Cell experiment:

U-2 OS cells seeded in 60-mm-diameter dishes are incubated with DMSO, 10 μM STS as an inducer of apoptosis, or increasing concentrations of Digoxin at 37℃ for 6 h. Cells are washed with fluorescence-activated cell sorter (FACS) buffer (PBS with 2% FBS) and stained with PI. Cell staining is quantified using a BD LSRII flow cytometer and FlowJo software. Alternatively, U-2 OS cells seeded in 96-well plates are incubated with DMSO, STS, or increasing concentrations of Digoxin at 37℃ for 6 or 24 h. PrestoBlue reagent is added to supernatants of compound-treated cells, and cells are incubated at 37℃ for 30 min. Fluorescence as a surrogate for cell viability is quantified using a Synergy H1 plate reader[1].

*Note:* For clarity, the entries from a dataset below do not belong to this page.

Lemma loewner_le_C_gram t e : (t < T)%N -> 0 <= e ->
  (forall m, specnorm (eta *: A (t + m) - eta *: A t) <= (3 ^+ m.+1 - 3) / 2 * e) ->
  loewner_le (C t *m (C t)^T)
    ((8 * L0 ^+ 2) *: ((eta *: A t) *m (eta *: A t)^T) + (30 * L0 ^+ 2 * e ^+ 2) *: 1%:M).
Proof.
move=> tT e_ge0 drift; apply: loewner_leP => x.
rewrite qform_gram qformD !qformZ qform_gram qform1.
set s := enorm ((eta *: A t)^T *m x); set E := e * enorm x.
have s_ge0 : 0 <= s by apply: enorm_ge0.
have E_ge0 : 0 <= E by rewrite mulr_ge0 ?enorm_ge0.
have etaA_tr_le m : enorm ((eta *: A (t + m))^T *m x) <= s + (3 ^+ m.+1 - 3) / 2 * E.
  rewrite -[eta *: A (t + m)](subrK (eta *: A t)) linearD mulmxDl addrC.
  rewrite (le_trans (enormD _ _)) // lerD2l /E mulrA (le_trans (enorm_mulmx_le _ _)) //.
  by rewrite ler_wpM2r ?enorm_ge0 // (le_trans (specnorm_tr_le _)).
have C_tr_le m : (m < T - t)%N -> enorm ((C (t + m))^T *m x)
    <= 49 / 45 * L0 * (enorm ((eta *: A (t + m.+1))^T *m x) + enorm ((C (t + m.+1))^T *m x)).
  by move=> mTt; rewrite addnS enorm_C_tr_le // -ltn_subRL.
have C_T_tr : enorm ((C (t + (T - t)))^T *m x) <= 0.
  by rewrite subnKC ?(ltnW tT) // C_T trmx0 mul0mx enorm0.
have := backward_geometric_bound L0_gt0 L0_le s_ge0 E_ge0 etaA_tr_le C_tr_le C_T_tr.
rewrite addn0 -/s => C_le.
have C_ge0 : 0 <= 6 / 5 * L0 * s + 24 / 5 * L0 * E := le_trans (enorm_ge0 _) C_le.
apply: le_trans (_ : _ <= (6 / 5 * L0 * s + 24 / 5 * L0 * E) ^+ 2) _.
  by rewrite ler_pXn2r ?nnegrE ?enorm_ge0.
by apply: le_trans (sqr_backward_bound _ _ _) _; rewrite /E exprMn !mulrA.
Qed.

End BackwardRecursion.

Lemma specnorm_drift (R : realType) (n : nat) (A : nat -> 'M[R]_n) (d : nat -> R)
    (eta Lam : R) (t : nat) :
  0 < eta -> 0 <= Lam ->
  (forall j, specnorm (A j.+1 - A j) <= Lam * (eta * d j.+1)) ->
  (forall j, d j.+1 <= 3 * d j) ->
  forall m, specnorm (eta *: A (t + m)%N - eta *: A t)
    <= (3 ^+ m.+1 - 3) / 2 * (eta * eta * Lam * d t).
Proof.
move=> eta_gt0 Lam_ge0 A_step d_step.
have d_le m : d (t + m)%N <= 3 ^+ m * d t.
  elim: m => [|m IHm]; first by rewrite addn0 expr0 mul1r.
  by rewrite addnS exprS -mulrA (le_trans (d_step _)) // ler_wpM2l.
elim=> [|m IHm]; first by rewrite addn0 subrr specnorm0 expr1 subrr mul0r mul0r.
rewrite addnS -[eta *: A (t + m).+1](subrK (eta *: A (t + m)%N)) -scalerBr -addrA.
apply: le_trans (specnormD _ _) _.
have step : specnorm (eta *: (A (t + m).+1 - A (t + m)%N))
    <= 3 ^+ m.+1 * (eta * eta * Lam * d t).
  apply: le_trans (specnormZ_le _ _) _; rewrite gtr0_norm //.
  apply: le_trans (ler_wpM2l (ltW eta_gt0) (A_step _)) _.
  have := d_le m.+1; rewrite addnS.
  move/(ler_wpM2l (mulr_ge0 (mulr_ge0 (ltW eta_gt0) Lam_ge0) (ltW eta_gt0))).
  by lra.
by apply: le_trans (lerD step IHm) _; rewrite [3 ^+ m.+2]exprS; lra.
Qed.

Section OptimisticGradientIterates.
Variables (R : realType) (n : nat) (F : 'rV[R]_n -> 'rV[R]_n) (ell Lam eta : R).
Variables (zm1 z0 : 'rV[R]_n).
Hypothesis F_lip : forall z z', enorm (F z - F z') <= ell * enorm (z - z').
Hypothesis Jac_lip : forall z z', specnorm (Jac F z - Jac F z') <= Lam * enorm (z - z').
Hypotheses (eta_gt0 : 0 < eta) (Lam_ge0 : 0 <= Lam) (eta_ell : eta * ell <= 2 / 3).

Local Notation z := (zt F eta zm1 z0).
Local Notation zm := (ztm1 F eta zm1 z0).
Local Notation w := (wt F eta zm1 z0).
Local Notation delta := (deltat F eta zm1 z0).
Local Notation A := (At F eta zm1 z0).

Lemma ztS t : z t.+1 = z t - (2 * eta) *: F (z t) + eta *: F (zm t).
Proof. by []. Qed.

Lemma ztm1S t : zm t.+1 = z t.
Proof. by []. Qed.

Lemma wtS t : w t.+1 = w t - eta *: F (z t).
Proof. by rewrite /wt ztS ztm1S; apply/matrixP => i j; rewrite !mxE; ring. Qed.
(* Let $S^\star\subseteq S$. Then $S^\star$ generates $\mathcal{J}$ (as a two-sided ideal of $\mathcal{A}$) if and only if for every upper prime $U$ and every lower prime $D$ there exist words $U'\sim U$ and $D'\sim D$ such that either $U'D'-D'U'\in S^\star$ or $D'U'-U'D'\in S^\star$.
   Context: $\mathcal{A}$ is the free associative $\mathbb{C}$-algebra on noncommuting generators $L,R$; words are finite products of these letters. A word is balanced if it contains equally many $L$'s and $R$'s. $S=\{FG-GF : F,G \text{ nonempty balanced words}\}$ and $\mathcal{J}$ is the two-sided ideal generated by $S$. For words $X,Y$, $X\sim Y$ means $X-Y\in\mathcal{J}$. A word is prime if it is nonempty, balanced, and cannot be written as a product of two nonempty balanced words. For a balanced word $W=a_1\cdots a_n$, $e_k(W)=\sum_{i=1}^k\overline{a_i}$ ($0\le k\le n$) with $\overline{R}=1$, $\overline{L}=-1$. A prime $P$ of length $n$ is an upper prime if $e_k(P)>0$ for $1\le k\le n-1$, and a lower prime if $e_k(P)<0$ for $1\le k\le n-1$. *)

(* The free associative C-algebra C<L,R> is modelled as the
   monoid algebra {malg C[word]} (multinomials' monalg) over the free monoid
   of words in two letters; C is the genuine field of complex numbers,
   built as (Stdlib R)[i] (mathcomp-real-closed's complex over the real
   closed field structure on Stdlib's reals from mathcomp-analysis' Rstruct). *)
From HB Require Import structures.
From mathcomp Require Import all_boot all_order all_algebra.
From mathcomp Require Import complex.
From mathcomp Require Import Rstruct.
From mathcomp.multinomials Require Import monalg.
From Stdlib Require Import Rdefinitions.

Set Implicit Arguments.
Unset Strict Implicit.
Unset Printing Implicit Defensive.

Import GRing.Theory Num.Theory.
Local Open Scope ring_scope.

Definition Cx : Type := complex Rdefinitions.R.


Inductive letter := Lt | Rt.

Definition letter_to_bool (a : letter) : bool := if a is Rt then true else false.
Definition bool_to_letter (b : bool) : letter := if b then Rt else Lt.
Lemma letter_boolK : cancel letter_to_bool bool_to_letter.
Proof. by case. Qed.
HB.instance Definition _ := Countable.copy letter (can_type letter_boolK).

Definition word := seq letter.
HB.instance Definition _ := Countable.on word.

Lemma word_unitm (x y : word) : x ++ y = [::] -> x = [::] /\ y = [::].
Proof. by case: x => [|? ?] //; case: y. Qed.

HB.instance Definition _ := Choice_isMonomialDef.Build word
  (catA (T:=letter)) (@cat0s letter) (@cats0 letter) word_unitm.

Definition Alg := {malg Cx[word]}.
HB.instance Definition _ := GRing.Ring.on Alg.

Definition wA (w : word) : Alg := << w >>.

Definition lbar (a : letter) : int := if a is Rt then 1 else -1.

Definition ek (W : word) (k : nat) : int := \sum_(i < k) lbar (nth Lt W i).

Definition balanced (W : word) : bool := count_mem Lt W == count_mem Rt W.

Definition prime_word (W : word) : Prop :=
  [/\ W != [::], balanced W &
      ~ exists U V : word, [/\ U != [::], V != [::], balanced U, balanced V
                              & W = U ++ V]].

Definition upper_prime (P : word) : Prop :=
  prime_word P /\ forall k : nat, (leq 1 k && leq k.+1 (size P)) -> 0 < ek P k.

Definition lower_prime (P : word) : Prop :=
  prime_word P /\ forall k : nat, (leq 1 k && leq k.+1 (size P)) -> ek P k < 0.

Definition Sgen (x : Alg) : Prop :=
  exists F G : word, [/\ F != [::], G != [::], balanced F, balanced G
                      & x = wA F * wA G - wA G * wA F].

Definition two_sided_ideal (I : Alg -> Prop) : Prop :=
  [/\ I 0, (forall x y, I x -> I y -> I (x - y)) &
      forall a x b, I x -> I (a * x * b)].

Definition ideal_gen (T : Alg -> Prop) (x : Alg) : Prop :=
  forall I : Alg -> Prop, two_sided_ideal I -> (forall t, T t -> I t) -> I x.

Definition Jideal : Alg -> Prop := ideal_gen Sgen.

Definition wequiv (X Y : word) : Prop := Jideal (wA X - wA Y).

Digoxin is a potent inhibitor of Na+/K+-ATPase, clinically used to treat arrhythmia and heart failure.

Digoxin, a sodium-potassium ATPase inhibitor, has a negative Z score of –26.67, suggesting a function for the sodium-potassium ATPase in CHIKV infection. Relative to DMSO-treated cells, treatment of U-2 OS cells with Digoxin results in a dose-dependent decrease in CHIKV infection with a half-maximal effective concentration (EC50) of 48.8 nM. Digoxin treatment similarly decreases CHIKV infection of primary human synovial fibroblasts (HSFs) and Vero African green monkey kidney cells with EC50s of 43.9 nM and 67.3 nM, respectively. Digoxin treatment significantly diminishes CHIKV infection in these cell types, with EC50s of 16.2 μM in ST2 cells and 23.2 μM in C2C12 cells, values 330 and 475 times the EC50 of Digoxin in U-2 OS cells. Cell viability is only modestly impaired at 24 h posttreatment with 1 μM Digoxin, a dose 20 times the Digoxin EC50 for CHIKV antiviral activity in these cells[1].

References:
[1]. Ashbrook AW, et al. Antagonism of the Sodium-Potassium ATPase Impairs Chikungunya Virus Infection. MBio. 2016 May 24;7(3). pii: e00693-16.